The Net Asset Value (NAV) furnishes information regarding the market value of each unit held by an investor. When you trade in a mutual fund scheme, you purchase or sell the units. The NAV determines your profit or loss. While it looks easy to look at the NAV and decide the future course of action, here, we plan to discuss NAV in detail. After reading this article, you will know the procedure of calculating the NAV and the purpose of using all the mentioned variables.

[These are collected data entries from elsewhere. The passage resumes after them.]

Lemma block_replace_marked (c : sym) (j : nat) (u l r v : word) :
  ~ In c l -> ~ In c r ->
  (j = occurrences c u /\
   block c j (u ++ (c :: l) ++ v) = c :: l ++ cfree_prefix c v /\
   block c j (u ++ (c :: r) ++ v) = c :: r ++ cfree_prefix c v) \/
  (j <> occurrences c u /\ block c j (u ++ (c :: l) ++ v) = block c j (u ++ (c :: r) ++ v)).
Proof.
  intros Hl Hr; revert j; unfold occurrences.
  induction u as [| x u IH]; intros j; simpl.
  - destruct (sym_eq_dec c c) as [_ | ]; [| congruence].
    destruct j as [| j].
    + left; rewrite !cfree_prefix_app; auto.
    + right; split; [lia |]; rewrite !block_app; auto.
  - destruct (sym_eq_dec x c) as [-> | ]; [| apply IH].
    destruct j as [| j].
    + right; split; [lia |]; f_equal; apply cfree_prefix_marker.
    + destruct (IH j) as [(E & E1 & E2) | (E & E1)]; [left | right]; split; auto; lia.
Qed.

Definition marked_rule (c : sym) (l r : word) : Prop :=
  exists l' r', l = c :: l' /\ r = c :: r' /\ ~ In c l' /\ ~ In c r'.

Definition respects_marker (c : sym) (T : srs) : Prop :=
  forall l r, T (l, r) -> (~ In c l /\ ~ In c r) \/ marked_rule c l r.

Definition strictly_marked (c : sym) (R : srs) : Prop :=
  forall l r, R (l, r) -> marked_rule c l r /\ l <> r.

Lemma strictly_marked_respects (c : sym) (R : srs) :
  strictly_marked c R -> respects_marker c R.
Proof. intros HR l r H; right; apply HR, H. Qed.

Lemma strictly_marked_sub (c : sym) (R R' : srs) :
  subsrs R R' -> strictly_marked c R' -> strictly_marked c R.
Proof. intros Hsub HR' l r H; apply HR', Hsub, H. Qed.

Lemma occurrences_step (c : sym) (T : srs) (s t : word) :
  respects_marker c T -> rstep T s t -> occurrences c s = occurrences c t.
Proof.
  intros HT (u & v & l & r & Hlr & -> & ->); unfold occurrences; rewrite !count_occ_app.
  destruct (HT _ _ Hlr) as [[Hl Hr] | (l' & r' & -> & -> & Hl & Hr)]; simpl;
    [| destruct (sym_eq_dec c c); [| congruence]];
    rewrite (proj1 (count_occ_not_In _ _ _) Hl), (proj1 (count_occ_not_In _ _ _) Hr); auto.
Qed.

What is Net Asset Value (NAV)?

The market value of each unit, calculated after deducting all the expenses and liabilities is known as the Net Asset Value (NAV). According to the rules and regulations of the SEBI, the mutual fund houses should declare NAV of each scheme at the end of the business hours. Since mutual fund houses deal in stocks, the NAV is updated after the business hours of the stock exchange has ended. NAV is also known as Net Book Value or Book Value.

Importance of NAV

Since NAV depicts the market value of a unit, it assists in deciphering the performance of the mutual fund. For example, you purchased some units in a mutual fund at Rs 50 per unit. After 3 months, the NAV stood at Rs 55. This means there is an increase in the NAV by 10%. In this case, you have accrued profits on mutual fund investment. Thus, you can use the NAV concept in determining the fund performance.

Net Asset Value Calculation

The first step towards calculating NAV is determining the total amount of assets owned by the mutual fund. As mutual funds invest in stocks, debts, and money market instruments, these can be collectively termed as securities. In addition to securities, the mutual funds hold cash as well. Further, they earn dividends and interests on these securities and cash. If we consider all these, we can refer to them as the Assets.

Now, the mutual fund house owns liabilities as well. Along with the liabilities, the mutual fund house accrues expenses in the form of fund management, salaries, and so on. The liabilities and the expenses can be clubbed as Debts.

Now, calculating the NAV by using formula,

Net Asset Value (NAV) = (Assets – Debts) / Number of Outstanding Units

We have added all the investment and profits in the assets section and deducted all the liabilities and expenses. The net value has been divided by the total number of units. This resulted in the Net Asset Value (NAV).

Important Considerations

  • Investors can consider NAV while analyzing mutual funds. Check out the NAV for the past three to five years on a quarterly basis. A consistent performance will denote that the fund is reliable.
  • The NAV is calculated after deducting all the expenses. These include operating expenses, management fees, marketing fees, agent fees, audit fees, and so on. Thus, you don’t need to worry about any hidden calculations and deductions.
  • As mutual funds deal in stocks of companies, they invest money in the stock market. Thus, the final NAV of a unit can be determined after the closing of a stock exchange for the day. Every day, after the closing hours, the NAV is uploaded by the mutual fund house.
  • According to SEBI rules and regulations, a mutual fund house should publish the NAV every business day. As the investors have invested their hard earned money, they should be aware of the minutest changes in the value of units. You can check out the NAV on the official website of the mutual fund or on any other verified source.